The 'Alternating Currents' Legacy Interview: Steve Garvey of The Buzzcocks
Hit reset with 'Operators Manual' – A 'Best Of' blast from the past, released in October 1991
Steve Diggle, Mike Joyce, Steve Garvey and Pete Shelley backstage at the Reading Festival, August 1990.
Prologue
After a successful but ultimately short-lived run in the late 70s and early 80s, British punk pioneers The Buzzcocks called it quits in 1981. However, the music world wasn't done with them yet. In 1989, the influential band surprised fans with a reformation, reuniting the classic lineup of Pete Shelley, Steve Diggle, Steve Garvey, and John Maher. This unexpected return marked the beginning of a new chapter for The Buzzcocks, one that would see them revisit their punk roots, create new music, and solidify their status as legends.

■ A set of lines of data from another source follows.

(* Let $R$ be a unital ring and let $(P,Q,\psi)$ be a unital $R$-system satisfying Condition (FS'). Let $(S,T,\sigma,B)$ be an injective, surjective and graded covariant representation of $(P,Q,\psi)$ such that (a) $(S,T,\sigma,B)$ is faithful, and (b) $\psi$ is surjective. Then $B$ is strongly $\mathbb{Z}$-graded.
   Context: A $\mathbb{Z}$-graded ring $B=\bigoplus_{i\in\mathbb{Z}}B_i$ is strongly graded if $B_mB_n=B_{m+n}$ for all $m,n$ (where $XY$ is the additive subgroup generated by products). An $R$-system is a triple $(P,Q,\psi)$ with $P,Q$ $R$-bimodules and $\psi:P\otimes_RQ\to R$ an $R$-bimodule homomorphism; it is unital if $R$ is unital and $1_R$ acts as identity on both sides of $P$ and $Q$. A covariant representation of $(P,Q,\psi)$ is a tuple $(S,T,\sigma,B)$ with $B$ a ring, $S:P\to B$, $T:Q\to B$ additive maps, $\sigma:R\to B$ a ring homomorphism, such that $S(pr)=S(p)\sigma(r)$, $S(rp)=\sigma(r)S(p)$, $T(qr)=T(q)\sigma(r)$, $T(rq)=\sigma(r)T(q)$ and $\sigma(\psi(p\otimes q))=S(p)T(q)$. It is injective if $\sigma$ is injective, surjective if $B$ is generated as a ring by $\sigma(R)\cup S(P)\cup T(Q)$, and graded if it is surjective and $B$ carries a $\mathbb{Z}$-grading with $\sigma(R)\subseteq B_0$, $T(Q)\subseteq B_1$, $S(P)\subseteq B_{-1}$. For $q\in Q,p\in P$ let $\theta_{q,p}:Q\to Q$, $x\mapsto q\psi(p\otimes x)$, and $\theta_{p,q}:P\to P$, $y\mapsto\psi(y\otimes q)p$; $\mathcal{F}_P(Q)$ (resp. $\mathcal{F}_Q(P)$) is the additive group generated by all $\theta_{q,p}$ (resp. $\theta_{p,q}$). Condition (FS'): there exist $\Theta\in\mathcal{F}_P(Q)$, $\Phi\in\mathcal{F}_Q(P)$ with $\Theta(q)=q$, $\Phi(p)=p$ for all $q\in Q,p\in P$. Let $\Delta:R\to\mathrm{End}(Q_R)$, $\Delta(r)(q)=rq$. Under (FS') (which implies the local version (FS)) there is a unique ring homomorphism $\pi_{T,S}:\mathcal{F}_P(Q)\to B$ with $\pi_{T,S}(\theta_{q,p})=T(q)S(p)$; in the unital case $\Delta(1_R)=\mathrm{id}_Q\in\mathcal{F}_P(Q)$, and $(S,T,\sigma,B)$ is called faithful if $\pi_{T,S}(\Delta(1_R))=\sigma(1_R)$. *)

From HB Require Import structures.
From mathcomp Require Import all_boot all_order all_algebra.
Set Implicit Arguments. Unset Strict Implicit. Unset Printing Implicit Defensive.
Import Order.TTheory GRing.Theory Num.Theory.
Local Open Scope ring_scope.

Definition is_ring_mul (B : zmodType) (mul : B -> B -> B) : Prop :=
  [/\ forall x y z, mul x (mul y z) = mul (mul x y) z,
      forall x y z, mul (x + y) z = mul x z + mul y z &
      forall x y z, mul x (y + z) = mul x y + mul x z].

Definition is_unital_bimodule (R : pzRingType) (M : zmodType)
    (lM : R -> M -> M) (rM : M -> R -> M) : Prop :=
  [/\ (forall r m n, lM r (m + n) = lM r m + lM r n)
      /\ (forall r s m, lM (r + s) m = lM r m + lM s m),
      (forall r m n, rM (m + n) r = rM m r + rM n r)
      /\ (forall r s m, rM m (r + s) = rM m r + rM m s),
      (forall r s m, lM (r * s) m = lM r (lM s m))
      /\ (forall r s m, rM m (r * s) = rM (rM m r) s),
      forall r s m, rM (lM r m) s = lM r (rM m s) &
      (forall m, lM 1 m = m) /\ (forall m, rM m 1 = m)].

(* An R-bimodule homomorphism psi : P (x)_R Q -> R, given (via the universal
   property of the tensor product) as an R-balanced biadditive map
   psi p q = psi(p (x) q) which is left R-linear in p and right R-linear in q. *)
Definition is_bimod_pairing (R : pzRingType) (P Q : zmodType)
    (lP : R -> P -> P) (rP : P -> R -> P) (lQ : R -> Q -> Q) (rQ : Q -> R -> Q)
    (psi : P -> Q -> R) : Prop :=
  [/\ forall p p' q, psi (p + p') q = psi p q + psi p' q,
      forall p q q', psi p (q + q') = psi p q + psi p q',
      forall p r q, psi (rP p r) q = psi p (lQ r q),
      forall r p q, psi (lP r p) q = r * psi p q &
      forall p q r, psi p (rQ q r) = psi p q * r].

Definition thetaQ (R : pzRingType) (P Q : zmodType) (rQ : Q -> R -> Q)
    (psi : P -> Q -> R) (q : Q) (p : P) : Q -> Q :=
  fun x => rQ q (psi p x).
Definition thetaP (R : pzRingType) (P Q : zmodType) (lP : R -> P -> P)
    (psi : P -> Q -> R) (p : P) (q : Q) : P -> P :=
  fun y => lP (psi y q) p.

(* Condition (FS'): id_Q is in F_P(Q) and id_P is in F_Q(P).  Elements of
   F_P(Q) (resp. F_Q(P)) are finite sums of theta's (the set of generators is
   closed under negation: -theta_{q,p} = theta_{-q,p}). *)
Definition condFS' (R : pzRingType) (P Q : zmodType)
    (lP : R -> P -> P) (rQ : Q -> R -> Q) (psi : P -> Q -> R) : Prop :=
  (exists s : seq (Q * P),
      forall x : Q, \sum_(qp <- s) thetaQ rQ psi qp.1 qp.2 x = x) /\
  (exists s : seq (P * Q),
      forall y : P, \sum_(pq <- s) thetaP lP psi pq.1 pq.2 y = y).

(* psi : P (x)_R Q -> R is surjective; elements of P (x)_R Q are finite sums of
   elementary tensors. *)
Definition psi_surjective (R : pzRingType) (P Q : zmodType)
    (psi : P -> Q -> R) : Prop :=
  forall r : R, exists s : seq (P * Q), r = \sum_(pq <- s) psi pq.1 pq.2.

Definition is_covariant_rep (R : pzRingType) (P Q B : zmodType)
    (lP : R -> P -> P) (rP : P -> R -> P) (lQ : R -> Q -> Q) (rQ : Q -> R -> Q)
    (psi : P -> Q -> R) (mul : B -> B -> B)
    (S : P -> B) (T : Q -> B) (sigma : R -> B) : Prop :=
  [/\ (forall p p', S (p + p') = S p + S p')
      /\ (forall q q', T (q + q') = T q + T q'),
      (* sigma is a ring homomorphism (B possibly non-unital) *)
      (forall r s, sigma (r + s) = sigma r + sigma s)
      /\ (forall r s, sigma (r * s) = mul (sigma r) (sigma s)),
      (forall p r, S (rP p r) = mul (S p) (sigma r))
      /\ (forall r p, S (lP r p) = mul (sigma r) (S p)),
      (forall q r, T (rQ q r) = mul (T q) (sigma r))
      /\ (forall r q, T (lQ r q) = mul (sigma r) (T q)) &
      forall p q, sigma (psi p q) = mul (S p) (T q)].

Definition gen_subring (B : zmodType) (mul : B -> B -> B) (G : B -> Prop)
    (x : B) : Prop :=
  forall A : B -> Prop,
    A 0 -> (forall a b, A a -> A b -> A (a - b)) ->
    (forall a b, A a -> A b -> A (mul a b)) ->
    (forall g, G g -> A g) -> A x.

Definition rep_surjective (R : pzRingType) (P Q B : zmodType)
    (mul : B -> B -> B) (S : P -> B) (T : Q -> B) (sigma : R -> B) : Prop :=
  forall x : B, gen_subring mul
    (fun b => (exists r, b = sigma r) \/ (exists p, b = S p) \/
              (exists q, b = T q)) x.

Definition rep_injective (R : pzRingType) (B : zmodType) (sigma : R -> B)
  : Prop := injective sigma.

Definition is_Zgrading (B : zmodType) (mul : B -> B -> B)
    (Bg : int -> B -> Prop) : Prop :=
  [/\ forall i, Bg i 0,
      forall i x y, Bg i x -> Bg i y -> Bg i (x - y),
      forall m n x y, Bg m x -> Bg n y -> Bg (m + n) (mul x y),
      forall x, exists (s : seq int) (f : int -> B),
        (forall i, Bg i (f i)) /\ x = \sum_(i <- s) f i &
      forall (s : seq int) (f : int -> B), uniq s ->
        (forall i, i \in s -> Bg i (f i)) ->
        \sum_(i <- s) f i = 0 -> forall i, i \in s -> f i = 0].

Definition rep_graded (R : pzRingType) (P Q B : zmodType)
    (mul : B -> B -> B) (S : P -> B) (T : Q -> B) (sigma : R -> B)
    (Bg : int -> B -> Prop) : Prop :=
  [/\ rep_surjective mul S T sigma, is_Zgrading mul Bg,
      forall r, Bg 0 (sigma r), forall q, Bg 1 (T q) &
      forall p, Bg (-1) (S p)].

(* faithful: pi_{T,S}(Delta(1_R)) = sigma(1_R), where Delta(1_R) = (q |-> 1 q)
   is written as a sum of theta_{q_i,p_i} in F_P(Q) and
   pi_{T,S}(sum theta_{q_i,p_i}) = sum T(q_i) S(p_i) *)
Definition rep_faithful (R : pzRingType) (P Q B : zmodType)
    (lQ : R -> Q -> Q) (rQ : Q -> R -> Q) (psi : P -> Q -> R)
    (mul : B -> B -> B) (S : P -> B) (T : Q -> B) (sigma : R -> B) : Prop :=
  exists s : seq (Q * P),
    (forall x : Q, \sum_(qp <- s) thetaQ rQ psi qp.1 qp.2 x = lQ 1 x) /\
    \sum_(qp <- s) mul (T qp.1) (S qp.2) = sigma 1.

(* strongly graded: B_m B_n = B_{m+n}, XY = additive subgroup generated by
   products (= finite sums of products xy, x in X, y in Y, since the set of
   products is closed under negation) *)
Definition strongly_graded (B : zmodType) (mul : B -> B -> B)
    (Bg : int -> B -> Prop) : Prop :=
  forall (m n : int) (x : B),
    Bg (m + n) x <->
    exists s : seq (B * B),
      (forall ab, ab \in s -> Bg m ab.1 /\ Bg n ab.2) /\
      x = \sum_(ab <- s) mul ab.1 ab.2.

From HB Require Import structures.
From mathcomp Require Import all_boot all_order all_algebra.
Import GRing.Theory.
Set Implicit Arguments. Unset Strict Implicit.
Local Open Scope ring_scope.

(* Let B = (+)_k B_k be a Z-graded, possibly non-unital ring.
   The inclusions B_m B_n <= B_(m+n) always hold; strong gradedness is the
   reverse inclusions.  If B has a unit e and, for every k, e is a finite sum
   of products b a with b in B_k and a in B_(-k), then any x in B_(m+n) equals
   e x = sum b (a x) with b in B_m and a x in B_n, so B is strongly graded.
   Moreover such decompositions of e multiply: from degrees a and b one gets
   degree a + b; hence decompositions in degrees 1 and -1 suffice.
   For the theorem, e = sigma(1): it fixes the generators sigma(R), S(P), T(Q)
   of B (unital R-system), hence all of B by surjectivity of the
   representation.  Faithfulness writes sigma(1) = sum T(q_i) S(p_i), a
   degree 1 decomposition, and surjectivity of psi writes
   sigma(1) = sigma(sum psi(p_j, q_j)) = sum S(p_j) T(q_j), one of degree -1.
   The file first develops the elementary algebra of possibly non-unital
   rings, then the generated-subring induction, then graded rings, and
   finally derives the theorem. *)

Section NonUnitalRing.
Variables (B : zmodType) (mul : B -> B -> B).
Hypothesis HB : is_ring_mul mul.

Lemma mulA x y z : mul x (mul y z) = mul (mul x y) z.
Proof. by case: HB. Qed.

Lemma mulDl x y z : mul (x + y) z = mul x z + mul y z.
Proof. by case: HB. Qed.

Lemma mulDr x y z : mul x (y + z) = mul x y + mul x z.
Proof. by case: HB. Qed.

Lemma mul0x y : mul 0 y = 0.
Proof. by apply: (addrI (mul 0 y)); rewrite addr0 -mulDl addr0. Qed.

Lemma mulx0 y : mul y 0 = 0.
Proof. by apply: (addrI (mul y 0)); rewrite addr0 -mulDr addr0. Qed.

Lemma mulxB x a b : mul x (a - b) = mul x a - mul x b.
Proof.
suff mulxN : mul x (- b) = - mul x b by rewrite mulDr mulxN.
by apply: (addrI (mul x b)); rewrite -mulDr !subrr mulx0.
Qed.

Lemma mulBx x a b : mul (a - b) x = mul a x - mul b x.
Proof.
suff mulNx : mul (- b) x = - mul b x by rewrite mulDl mulNx.
by apply: (addrI (mul b x)); rewrite -mulDl !subrr mul0x.
Qed.

Lemma mul_suml (I : Type) (s : seq I) (F : I -> B) y :
  mul (\sum_(i <- s) F i) y = \sum_(i <- s) mul (F i) y.
Proof. exact: (big_morph (mul^~ y) (fun a b => mulDl a b y) (mul0x y)). Qed.

Lemma mul_sumr (I : Type) (s : seq I) (F : I -> B) y :
  mul y (\sum_(i <- s) F i) = \sum_(i <- s) mul y (F i).
Proof. exact: (big_morph (mul y) (mulDr y) (mulx0 y)). Qed.

Lemma gen_subring_unit (G : B -> Prop) (e x : B) :
  gen_subring mul G x ->
  (forall g, G g -> mul e g = g /\ mul g e = g) ->
  mul e x = x /\ mul x e = x.
Proof.
move=> x_gen eG; apply: (x_gen (fun x => mul e x = x /\ mul x e = x)).
- by rewrite mul0x mulx0.
- by move=> a b [ea ae] [eb be]; rewrite mulxB mulBx ea ae eb be.
- by move=> a b [ea _] [_ be]; rewrite mulA ea -mulA be.
- exact: eG.
Qed.

End NonUnitalRing.

Lemma additive_sum (U V : zmodType) (f : U -> V) :
  (forall x y, f (x + y) = f x + f y) ->
  forall (I : Type) (s : seq I) (F : I -> U),
    f (\sum_(i <- s) F i) = \sum_(i <- s) f (F i).
Proof.
move=> fD; have f0 : f 0 = 0 by apply: (addrI (f 0)); rewrite -fD !addr0.
by move=> I s F; apply: (big_morph f fD f0).
Qed.

Section GradedRing.
Variables (B : zmodType) (mul : B -> B -> B) (Bg : int -> B -> Prop).
Hypotheses (HB : is_ring_mul mul) (Hg : is_Zgrading mul Bg).

Lemma Bg_mul {m n x y} : Bg m x -> Bg n y -> Bg (m + n) (mul x y).
Proof. by case: Hg => _ _ + _ _; apply. Qed.

Lemma Bg_add i x y : Bg i x -> Bg i y -> Bg i (x + y).
Proof.
case: Hg => Bg0 BgB _ _ _ hx hy.
by have := BgB i x (0 - y) hx (BgB i 0 y (Bg0 i) hy); rewrite sub0r opprK.
Qed.

Lemma Bg_sum_mul m n (s : seq (B * B)) :
  (forall ab, ab \in s -> Bg m ab.1 /\ Bg n ab.2) ->
  Bg (m + n) (\sum_(ab <- s) mul ab.1 ab.2).
Proof.
case: Hg => Bg0 _ _ _ _.
elim: s => [|a s IH] hs; first by rewrite big_nil; apply: Bg0.
rewrite big_cons; apply: Bg_add.
  by have [h1 h2] := hs a (mem_head _ _); apply: Bg_mul.
by apply: IH => ab hab; apply: hs; rewrite in_cons hab orbT.
Qed.

Variable e : B.
Hypotheses (eL : forall x, mul e x = x) (eR : forall x, mul x e = x).

Definition unit_split (k : int) : Prop :=
  exists s : seq (B * B),
    (forall ab, ab \in s -> Bg k ab.1 /\ Bg (- k) ab.2) /\
    e = \sum_(ab <- s) mul ab.1 ab.2.

(* e = sum b a with b a in B_k B_(-k) and e = sum d c with d c in B_l B_(-l)
   give e = sum (b d) (c a) = e e, with b d in B_(k+l), c a in B_(-(k+l)). *)
Lemma unit_split_add {k l} : unit_split k -> unit_split l -> unit_split (k + l).
Proof.
case=> s1 [h1 e1] [s2 [h2 e2]].
exists [seq (mul x.1 y.1, mul y.2 x.2) | x <- s1, y <- s2]; split.
  move=> ab /allpairsP [[x y] [hx hy ->]] /=.
  have [hx1 hx2] := h1 x hx; have [hy1 hy2] := h2 y hy.
  by split; [apply: Bg_mul | rewrite opprD addrC; apply: Bg_mul].
rewrite big_allpairs_dep /= {1}e1; apply: eq_bigr => x _.
rewrite -{1}[x.1]eR {1}e2 mul_sumr // mul_suml //; apply: eq_bigr => y _.
by rewrite -!mulA.
Qed.

Lemma unit_split_all : unit_split 1 -> unit_split (-1) -> forall k, unit_split k.
Proof.
move=> E1 Em1.
have E0 : unit_split 0 by have := unit_split_add E1 Em1; rewrite subrr.
case=> n; last rewrite NegzE; elim: n => [|n IH] //.
  by have := unit_split_add IH E1; rewrite -PoszD addn1.
by have := unit_split_add IH Em1; rewrite -opprD -PoszD addn1.
Qed.

(* A unital graded ring whose unit lies in B_1 B_(-1) and in B_(-1) B_1 is
   strongly graded: x in B_(m+n) is e x = sum b (a x), b in B_m, a x in B_n. *)
Lemma strongly_graded_of_unit_split :
  unit_split 1 -> unit_split (-1) -> strongly_graded mul Bg.
Proof.
move=> E1 Em1 m n x; split; last by case=> s [hs ->]; exact: Bg_sum_mul.
move=> hx; have [s [hs es]] := unit_split_all E1 Em1 m.
exists [seq (ab.1, mul ab.2 x) | ab <- s]; split.
  move=> ab /mapP [cd hcd ->] /=; have [h1 h2] := hs cd hcd; split => //.
  by have := Bg_mul h2 hx; rewrite addrA addNr add0r.
rewrite big_map -{1}(eL x) es mul_suml //; apply: eq_bigr => ab _ /=.
by rewrite mulA.
Qed.

End GradedRing.

Theorem mainTheorem4 (R : pzRingType) (P Q B : zmodType)
    (lP : R -> P -> P) (rP : P -> R -> P) (lQ : R -> Q -> Q) (rQ : Q -> R -> Q)
    (psi : P -> Q -> R) (mul : B -> B -> B)
    (S : P -> B) (T : Q -> B) (sigma : R -> B) (Bg : int -> B -> Prop)
    (HB : is_ring_mul mul)
    (HP : is_unital_bimodule lP rP) (HQ : is_unital_bimodule lQ rQ)
    (Hpsi : is_bimod_pairing lP rP lQ rQ psi)
    (HFS : condFS' lP rQ psi)
    (Hrep : is_covariant_rep lP rP lQ rQ psi mul S T sigma)
    (Hinj : rep_injective sigma)
    (Hgr : rep_graded mul S T sigma Bg)
    (Hfaith : rep_faithful lQ rQ psi mul S T sigma)
    (Hsurj : psi_surjective psi) :
  strongly_graded mul Bg.
Proof.
case: Hgr => Hgen Hg _ T_deg1 S_degN1.
case: Hrep => _ [sigmaD sigmaM] [Sr Sl] [Tr Tl] sigma_psi.
case: HP => _ _ _ _ [P1l P1r]; case: HQ => _ _ _ _ [Q1l Q1r].
have sigma1_unit x : mul (sigma 1) x = x /\ mul x (sigma 1) = x.
  apply: (gen_subring_unit HB (Hgen x)) => g [[r ->]|[[p ->]|[q ->]]].
  - by rewrite -!sigmaM mul1r mulr1.
  - by rewrite -Sr -Sl P1l P1r.
  - by rewrite -Tr -Tl Q1l Q1r.
apply: (strongly_graded_of_unit_split HB Hg (e := sigma 1)).
- by move=> x; case: (sigma1_unit x).
- by move=> x; case: (sigma1_unit x).
- (* faithfulness: sigma(1) = sum T(q_i) S(p_i) *)
  have [s [_ hs]] := Hfaith.
  exists [seq (T qp.1, S qp.2) | qp <- s]; split; last by rewrite big_map.
  by move=> ab /mapP [qp _ ->]; split; [apply: T_deg1 | apply: S_degN1].
- (* psi onto: sigma(1) = sigma(sum psi(p_j, q_j)) = sum S(p_j) T(q_j) *)
  have [s hs] := Hsurj 1.
  exists [seq (S pq.1, T pq.2) | pq <- s]; split.
    by move=> ab /mapP [pq _ ->]; rewrite opprK; split; [apply: S_degN1 | apply: T_deg1].
  rewrite big_map hs (additive_sum sigmaD); apply: eq_bigr => pq _; exact: sigma_psi.
Qed.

You know the old cliche: Don't judge a book by its cover. What's in a name? You can't teach an old dog new tricks. The most likely candidates to be squashed into this box might be The Buzzcocks. The seminal British punk-pop quartet of the late '70s and early '80s resurfaced two years ago when rumors had them reforming for a tour. For all intents and purposes, the band has come together to stay with spirit intact, courtesy of a ‘best of’ collection from I.R.S. Records titled Operators Manual, damn the torpedoes and all.
Boston has a unique kinship with the group – singer Pete Shelley, guitarist Steve Diggle, bassist Steve Garvey and drummer Mike Joyce (who's replaced original member John Maher) – as I discovered in my phone conversation with Garvey from New York City just before the start of their U.S. tour.
"It's one of our favorite gigs in the whole country, he enthused. “We always have a great time there."
To say the least, Garvey's memories of the early days were highly amusing and although he’s lived in New York for nearly a decade, he recalled one Beantown escapade from their youthful glory reign.
“The first time we ever came to America, the first gig we ever played, was in Boston,” he recalled. “I remember once we played at the Bradford Hotel, there was a ballroom there, upstairs on the second or third floor. Must have been 1980… strange. Anyway, we were staying in the hotel! You just got on the elevator and you’re onstage – literally! The backstage area was our hotel room, so, there were some serious parties going on. We did two nights there.” After I mentioned the hotel was renovated, he joked, "They renovated it after we stayed there," and broke up in laughter.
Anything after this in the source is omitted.